Ali, Pappas Cox P.C., Syracuse (David P. Doherty of counsel), for appellant.
Before: Spain, J.P., Mugglin, Rose, Lahtinen and Kane, JJ.
MEMORANDUM AND ORDER
Claimant was discharged from her position as a sales associate at a gas station and convenience store after she was observed on videotape stealing cigarettes. Criminal charges were brought against her as a result of this incident and were adjourned in contemplation of dismissal in exchange for her payment of restitution in the amount of $120. The Department of Labor found claimant eligible to receive unemployment insurance benefits and this determination was upheld by an Administrative Law Judge following a hearing. The Unemployment Insurance Appeal Board, however, reversed and disqualified claimant from receiving benefits on the ground that she was terminated due to misconduct.

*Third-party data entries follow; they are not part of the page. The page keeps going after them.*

(* For every $\eta\ge0$ define \[ L_{\Phi,\eta}:=\max_{\pi\in\Theta}\|M_\pi+\eta I\|_2. \] Then \[ \rho^{\mathrm{dir}}_{\alpha,\eta}\le\sqrt{1-2\alpha(c_\Phi+\eta)+\alpha^2L_{\Phi,\eta}^2}. \] Since $L_{\Phi,\eta}\le L_\Phi+\eta$, also \[ \rho^{\mathrm{dir}}_{\alpha,\eta}\le\sqrt{1-2\alpha(c_\Phi+\eta)+\alpha^2(L_\Phi+\eta)^2}. \] Hence, if $c_\Phi+\eta>0$ and $0<\alpha<2(c_\Phi+\eta)/L_{\Phi,\eta}^2$, then $\rho^{\mathrm{dir}}_{\alpha,\eta}<1$. The same conclusion holds if $c_\Phi+\eta>0$ and $0<\alpha<2(c_\Phi+\eta)/(L_\Phi+\eta)^2$.
   Context: Consider a finite discounted MDP with state space $\mathcal S=\{1,\dots,|\mathcal S|\}$, action space $\mathcal A=\{1,\dots,|\mathcal A|\}$, transition probabilities $P(s'\mid s,a)$, and discount factor $\gamma\in(0,1)$. State-action vectors are ordered as $(1,1),(2,1),\dots,(|\mathcal S|,1),(1,2),\dots$. The matrix $P\in\mathbb R^{|\mathcal S||\mathcal A|\times|\mathcal S|}$ has rows $P(\cdot\mid s,a)$. The set $\Theta$ is the finite set of deterministic stationary policies $\pi:\mathcal S\to\mathcal A$. For $\pi\in\Theta$, $\Pi^\pi$ has entry $1$ at row $s$, column $(s,\pi(s))$, and zeros elsewhere. The feature matrix $\Phi\in\mathbb R^{|\mathcal S||\mathcal A|\times m}$ has full column rank. The distribution $d>0$ on $\mathcal S\times\mathcal A$ gives $D=\mathrm{diag}(d)$. The step size is $\alpha\in(0,1)$ and the regularization weight is $\eta\ge0$. Let $M_\pi:=\Phi^\top D\Phi-\gamma\Phi^\top DP\Pi^\pi\Phi$. Define \[ c_\Phi:=\min_{\pi\in\Theta}\lambda_{\min}\big((M_\pi+M_\pi^\top)/2\big),\qquad L_\Phi:=\max_{\pi\in\Theta}\|M_\pi\|_2. \] For $\pi\in\Theta$, define $A^\eta_\pi:=I-\alpha(M_\pi+\eta I)$, and let $\rho^{\mathrm{dir}}_{\alpha,\eta}$ be the joint spectral radius $\lim_k\max_{\pi_i\in\Theta}\|A^\eta_{\pi_k}\cdots A^\eta_{\pi_1}\|^{1/k}$ of $\{A^\eta_\pi:\pi\in\Theta\}$. *)

From HB Require Import structures.
From mathcomp Require Import all_boot all_order all_algebra.
From mathcomp Require Import all_classical all_reals all_analysis.
Set Implicit Arguments. Unset Strict Implicit. Unset Printing Implicit Defensive.
Import Order.TTheory GRing.Theory Num.Theory.
Local Open Scope classical_set_scope.
Local Open Scope ring_scope.

Section Defs.
Variable R : realType.

Definition vnorm2 (n : nat) (x : 'cV[R]_n) : R :=
  Num.sqrt (\sum_(i < n) (x i 0) ^+ 2).

Definition opnorm2 (n p : nat) (A : 'M[R]_(n, p)) : R :=
  sup [set vnorm2 (A *m x) | x in [set x : 'cV[R]_p | vnorm2 x <= 1]].

(* Smallest (real) eigenvalue of a square matrix (used on symmetric ones,
   whose eigenvalues are all real). *)
Definition lambda_min (n : nat) (S : 'M[R]_n) : R :=
  inf [set a : R | eigenvalue S a].

Definition policy (nS nA : nat) := {ffun 'I_nS -> 'I_nA}.

(* Index of the state-action pair (s,a) in the ordering
   (1,1),(2,1),...,(|S|,1),(1,2),... : it is a*|S| + s. *)
Definition sa_idx (nS nA : nat) (s : 'I_nS) (a : 'I_nA) : 'I_(nA * nS) :=
  mxvec_index a s.

Definition Pimx (nS nA : nat) (pi : policy nS nA) : 'M[R]_(nS, nA * nS) :=
  \matrix_(s < nS, j < nA * nS) (j == sa_idx s (pi s))%:R.

Definition Mpi (nS nA m : nat) (Phi : 'M[R]_(nA * nS, m))
  (d : 'rV[R]_(nA * nS)) (P : 'M[R]_(nA * nS, nS)) (gamma : R)
  (pi : policy nS nA) : 'M[R]_m :=
  Phi^T *m diag_mx d *m Phi - gamma *: (Phi^T *m diag_mx d *m P *m Pimx pi *m Phi).

Definition jsr (I : finType) (m : nat) (A : I -> 'M[R]_m) : R :=
  lim ((fun k : nat =>
     (sup [set opnorm2 (\prod_(j < k.+1) A (f (rev_ord j))) |
             f in [set: 'I_k.+1 -> I]]) `^ (k.+1%:R)^-1) @ \oo).

End Defs.

(* For B := M_pi + eta I and x a unit vector,
     |(I - alpha B) x|^2 = 1 - 2 alpha x'Bx + alpha^2 |Bx|^2,
   where x'Bx = x'M_pi x + eta >= c_Phi + eta and |Bx| <= L_{Phi,eta}.  So every
   A^eta_pi has spectral norm at most q := sqrt(1 - 2 alpha (c_Phi + eta) + alpha^2 L_{Phi,eta}^2),
   a product of k of them has norm at most q^k, and the joint spectral radius is at most q.
   The one non-elementary step is that lambda_min of a symmetric matrix S bounds its
   Rayleigh quotient from below.  Without the spectral theorem, we show that
   mu := inf_{|x| = 1} x'Sx is itself an eigenvalue: otherwise T := S - mu I is invertible
   and positive semidefinite, hence |x|^2 <= K x'Tx for some K > 0, which keeps x'Sx
   above mu + 1/K on the unit sphere. *)

From HB Require Import structures.
From mathcomp Require Import all_boot all_order all_algebra.
From mathcomp Require Import all_classical all_reals all_analysis.
From mathcomp Require Import lra.
Import Order.TTheory GRing.Theory Num.Theory.
Local Open Scope classical_set_scope.
Local Open Scope ring_scope.
Set Implicit Arguments. Unset Strict Implicit. Unset Printing Implicit Defensive.

Section EuclideanSpace.
Variable R : realType.
Implicit Types (n p : nat).

Definition dot n (x y : 'cV[R]_n) : R := \sum_i x i 0 * y i 0.

Lemma dotC n (x y : 'cV[R]_n) : dot x y = dot y x.
Proof. by apply: eq_bigr => i _; rewrite mulrC. Qed.

Lemma dotDr n (x y z : 'cV[R]_n) : dot x (y + z) = dot x y + dot x z.
Proof. by rewrite /dot -big_split; apply: eq_bigr => i _; rewrite mxE mulrDr. Qed.

Lemma dotZr n a (x y : 'cV[R]_n) : dot x (a *: y) = a * dot x y.
Proof. by rewrite /dot mulr_sumr; apply: eq_bigr => i _; rewrite mxE mulrCA. Qed.

Lemma dotBr n (x y z : 'cV[R]_n) : dot x (y - z) = dot x y - dot x z.
Proof. by rewrite dotDr -scaleN1r dotZr mulN1r. Qed.

Lemma dotDl n (x y z : 'cV[R]_n) : dot (y + z) x = dot y x + dot z x.
Proof. by rewrite dotC dotDr !(dotC x). Qed.

Lemma dotZl n a (x y : 'cV[R]_n) : dot (a *: y) x = a * dot y x.
Proof. by rewrite dotC dotZr dotC. Qed.

Lemma dotBl n (x y z : 'cV[R]_n) : dot (y - z) x = dot y x - dot z x.
Proof. by rewrite dotC dotBr !(dotC x). Qed.

Lemma dot0r n (x : 'cV[R]_n) : dot x 0 = 0.
Proof. by rewrite /dot big1 // => i _; rewrite mxE mulr0. Qed.

Lemma dot_mulmxr n p (A : 'M[R]_(n, p)) x y : dot x (A *m y) = dot (A^T *m x) y.
Proof.
rewrite /dot; under eq_bigr => i _ do rewrite mxE mulr_sumr.
rewrite exchange_big /=; apply: eq_bigr => j _.
by rewrite mxE mulr_suml; apply: eq_bigr => i _; rewrite mxE mulrCA mulrA.
Qed.

Lemma dot_ge0 n (x : 'cV[R]_n) : 0 <= dot x x.
Proof. by apply: sumr_ge0 => i _; rewrite -expr2 sqr_ge0. Qed.

Lemma dot_eq0 n (x : 'cV[R]_n) : (dot x x == 0) = (x == 0).
Proof.
apply/eqP/eqP => [x0|->]; last exact: dot0r.
apply/matrixP => i j; rewrite ord1 mxE.
have nneg k : xpredT k -> 0 <= x k 0 * x k 0 by rewrite -expr2 sqr_ge0.
move: x0 => /(psumr_eq0P nneg)/(_ i isT)/eqP.
by rewrite mulf_eq0 orbb => /eqP.
Qed.

Lemma dot_gt0 n (x : 'cV[R]_n) : x != 0 -> 0 < dot x x.
Proof. by rewrite lt_def dot_eq0 dot_ge0 andbT. Qed.

Lemma vnorm2E n (x : 'cV[R]_n) : vnorm2 x = Num.sqrt (dot x x).
Proof. by congr Num.sqrt; apply: eq_bigr => i _; rewrite expr2. Qed.

Lemma vnorm2_ge0 n (x : 'cV[R]_n) : 0 <= vnorm2 x.
Proof. exact: sqrtr_ge0. Qed.

Lemma vnorm2_sqr n (x : 'cV[R]_n) : vnorm2 x ^+ 2 = dot x x.
Proof. by rewrite vnorm2E sqr_sqrtr // dot_ge0. Qed.

Lemma vnorm2_eq0 n (x : 'cV[R]_n) : (vnorm2 x == 0) = (x == 0).
Proof. by rewrite -sqrf_eq0 vnorm2_sqr dot_eq0. Qed.

Lemma vnorm2Z n a (x : 'cV[R]_n) : vnorm2 (a *: x) = `|a| * vnorm2 x.
Proof.
by rewrite !vnorm2E dotZl dotZr mulrA -expr2 sqrtrM ?sqr_ge0 // sqrtr_sqr.
Qed.

Lemma vnorm2_le_sqrt n p k (x : 'cV[R]_n) (y : 'cV[R]_p) :
  dot x x <= k * dot y y -> vnorm2 x <= Num.sqrt k * vnorm2 y.
Proof.
move=> le_xy; rewrite vnorm2E; apply: le_trans (ler_wsqrtr le_xy) _.
have [k0|k0] := leP 0 k; first by rewrite sqrtrM // vnorm2E.
by rewrite ler0_sqrtr ?mulr_ge0 ?sqrtr_ge0 // nmulr_rle0 ?dot_ge0.
Qed.

Lemma dot_sqr_le n (x y : 'cV[R]_n) : dot x y ^+ 2 <= dot x x * dot y y.
Proof.
have [->|x0] := eqVneq x 0; first by rewrite dotC !dot0r expr0n mul0r.
have xx0 := dot_gt0 x0.
have := dot_ge0 (dot x x *: y - dot x y *: x).
rewrite !(dotBl, dotBr, dotZl, dotZr) (dotC y x) => h.
suff : 0 <= dot x x * (dot x x * dot y y - dot x y ^+ 2) by rewrite pmulr_rge0 ?subr_ge0.
lra.
Qed.

Lemma normr_dot_le n (x y : 'cV[R]_n) : `|dot x y| <= vnorm2 x * vnorm2 y.
Proof.
rewrite !vnorm2E -sqrtrM ?dot_ge0 // -sqrtr_sqr.
by rewrite ler_sqrt ?mulr_ge0 ?dot_ge0 // dot_sqr_le.
Qed.

Lemma vnorm2D n (x y : 'cV[R]_n) : vnorm2 (x + y) <= vnorm2 x + vnorm2 y.
Proof.
rewrite -(ler_pXn2r (_ : 0 < 2)%N) ?nnegrE ?addr_ge0 ?vnorm2_ge0 //.
rewrite sqrrD !vnorm2_sqr dotDl !dotDr (dotC y x).
have := ler_norm (dot x y); have := normr_dot_le x y; lra.
Qed.

End EuclideanSpace.

Section OperatorNorm.
Variable R : realType.
Implicit Types (n p q : nat).

Let opset n p (A : 'M[R]_(n, p)) :=
  [set vnorm2 (A *m x) | x in [set x : 'cV[R]_p | vnorm2 x <= 1]].

Let opset_has_sup n p (A : 'M[R]_(n, p)) : has_sup (opset A).
Proof.
split; first by exists (vnorm2 (A *m 0)), 0; rewrite //= vnorm2E dot0r sqrtr0.
pose K := \sum_i dot (row i A)^T (row i A)^T.
have le_K x : dot (A *m x) (A *m x) <= K * dot x x.
  rewrite {1}/dot mulr_suml; apply: ler_sum => i _; rewrite -expr2.
  have -> : (A *m x) i 0 = dot (row i A)^T x.
    by rewrite mxE; apply: eq_bigr => j _; rewrite !mxE.
  exact: dot_sqr_le.
exists (Num.sqrt K) => _ [x /= x_le1 <-].
apply: le_trans (vnorm2_le_sqrt (le_K x)) _.
by rewrite ler_piMr ?sqrtr_ge0.
Qed.

Lemma opnorm2_ge0 n p (A : 'M[R]_(n, p)) : 0 <= opnorm2 A.
Proof.
apply: le_trans (vnorm2_ge0 (A *m 0)) _; apply: (sup_upper_bound (opset_has_sup A)).
by exists 0; rewrite //= vnorm2E dot0r sqrtr0.
Qed.

Lemma opnorm2_mulmx_le n p (A : 'M[R]_(n, p)) x :
  vnorm2 (A *m x) <= opnorm2 A * vnorm2 x.
Proof.
have [->|x0] := eqVneq x 0; first by rewrite mulmx0 !vnorm2E !dot0r sqrtr0 mulr0.
have nx_gt0 : 0 < vnorm2 x by rewrite lt_def vnorm2_eq0 x0 vnorm2_ge0.
rewrite -ler_pdivrMr // mulrC -[(vnorm2 x)^-1]ger0_norm ?invr_ge0 ?vnorm2_ge0 //.
rewrite -vnorm2Z scalemxAr; apply: (sup_upper_bound (opset_has_sup A)).
by exists ((vnorm2 x)^-1 *: x); rewrite //= vnorm2Z ger0_norm ?invr_ge0 ?vnorm2_ge0 ?mulVf ?gt_eqF.
Qed.

Lemma opnorm2_le n p (A : 'M[R]_(n, p)) s : 0 <= s ->
  (forall x, vnorm2 (A *m x) <= s * vnorm2 x) -> opnorm2 A <= s.
Proof.
move=> s0 le_s; apply: ge_sup; first by case: (opset_has_sup A).
by move=> _ [x /= x_le1 <-]; apply: le_trans (le_s x) _; rewrite ler_piMr.
Qed.

Lemma opnorm2_mul_le n p q (A : 'M[R]_(n, p)) (B : 'M[R]_(p, q)) :
  opnorm2 (A *m B) <= opnorm2 A * opnorm2 B.
Proof.
apply: opnorm2_le => [|x]; first by rewrite mulr_ge0 ?opnorm2_ge0.
rewrite -mulmxA -mulrA; apply: le_trans (opnorm2_mulmx_le A _) _.
by rewrite ler_wpM2l ?opnorm2_ge0 ?opnorm2_mulmx_le.
Qed.

Lemma opnorm2_prod_le n k (F : 'I_k -> 'M[R]_n) s : 0 <= s ->
  (forall j, opnorm2 (F j) <= s) -> opnorm2 (\prod_(j < k) F j) <= s ^+ k.
Proof.
move=> s0; elim: k F => [|k IHk] F le_s.
  by rewrite big_ord0 expr0; apply: opnorm2_le => // x; rewrite mul1r mul1mx.
rewrite big_ord_recl exprS; apply: le_trans (opnorm2_mul_le _ _) _.
by rewrite ler_pM ?opnorm2_ge0 ?IHk.
Qed.

Lemma opnorm2_add_scalar_le n (A : 'M[R]_n) a : 0 <= a ->
  opnorm2 (A + a%:M) <= opnorm2 A + a.
Proof.
move=> a0; apply: opnorm2_le => [|x]; first by rewrite addr_ge0 ?opnorm2_ge0.
rewrite mulmxDl mul_scalar_mx mulrDl; apply: le_trans (vnorm2D _ _) _.
by rewrite vnorm2Z ger0_norm // lerD2r opnorm2_mulmx_le.
Qed.

End OperatorNorm.

Section SymmetricMatrices.
Variables (R : realType) (m : nat).
Implicit Types (S T : 'M[R]_m) (x z : 'cV[R]_m).

Lemma dot_mulmx_le_opnorm2 S x : `|dot x (S *m x)| <= opnorm2 S * dot x x.
Proof.
apply: le_trans (normr_dot_le _ _) _.
by rewrite -vnorm2_sqr expr2 mulrCA ler_wpM2l ?vnorm2_ge0 ?opnorm2_mulmx_le.
Qed.

Lemma psd_dot_mulmx_le T z : T^T = T -> (forall x, 0 <= dot x (T *m x)) ->
  dot (T *m z) (T *m z) <= (1 + opnorm2 T) * dot z (T *m z).
Proof.
move=> T_sym T_psd; set y := T *m z; set K := 1 + opnorm2 T.
have K_gt0 : 0 < K by rewrite ltr_pwDl ?opnorm2_ge0.
have le_yTy : dot y (T *m y) <= K * dot y y.
  apply: le_trans (ler_norm _) (le_trans (dot_mulmx_le_opnorm2 _ _) _).
  by rewrite ler_wpM2r ?dot_ge0 ?lerDr.
have Tzy : dot z (T *m y) = dot y y by rewrite dot_mulmxr T_sym.
have le_yy : K^-1 * (K^-1 * dot y (T *m y)) <= K^-1 * dot y y.
  by rewrite ler_pM2l ?invr_gt0 // ler_pdivrMl.
have := T_psd (z - K^-1 *: y).
rewrite mulmxBr -scalemxAr !(dotBl, dotBr, dotZl, dotZr) Tzy -/y.
rewrite -ler_pdivrMl //; lra.
Qed.

Lemma dot_mulmx_coercive T z : T \in unitmx ->
  dot z z <= opnorm2 (invmx T) ^+ 2 * dot (T *m z) (T *m z).
Proof.
move=> T_unit; rewrite -!vnorm2_sqr -exprMn.
have le_z := opnorm2_mulmx_le (invmx T) (T *m z); rewrite mulKmx // in le_z.
by rewrite !expr2 ler_pM ?vnorm2_ge0.
Qed.

Lemma dot_normalize x : x != 0 ->
  dot ((vnorm2 x)^-1 *: x) ((vnorm2 x)^-1 *: x) = 1.
Proof.
move=> x0; rewrite -vnorm2_sqr vnorm2Z ger0_norm ?invr_ge0 ?vnorm2_ge0 //.
by rewrite mulVf ?expr1n ?vnorm2_eq0.
Qed.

Claimant now appeals.
We affirm. "`An employee's apparent dishonesty * * * can constitute disqualifying misconduct'" (Matter of Washington [ Commissioner of Labor], 304 A.D.2d 896, 896, quoting Matter of Huggins [Samaritan Med. Ctr. — Commissioner of Labor], 257 A.D.2d 877, 878; accord Matter of Alexander [Commissioner of Labor], 3 A.D.3d 827, 827). Here, the employer's representative testified at the hearing that he viewed the videotape showing claimant taking the cigarettes and that, after the incident, claimant sent the employer a check for $120. Although claimant denied that she stole anything from the employer, this presented a credibility issue for the Board to resolve (see Matter of Petrosov [Commissioner of Labor], 284 A.D.2d 874, 875; Matter of Williams [Commissioner of Labor], 262 A.D.2d 903, 903).
Spain, J.P., Mugglin, Rose, Lahtinen and Kane, JJ., concur.
ORDERED that the decisions are affirmed, without costs.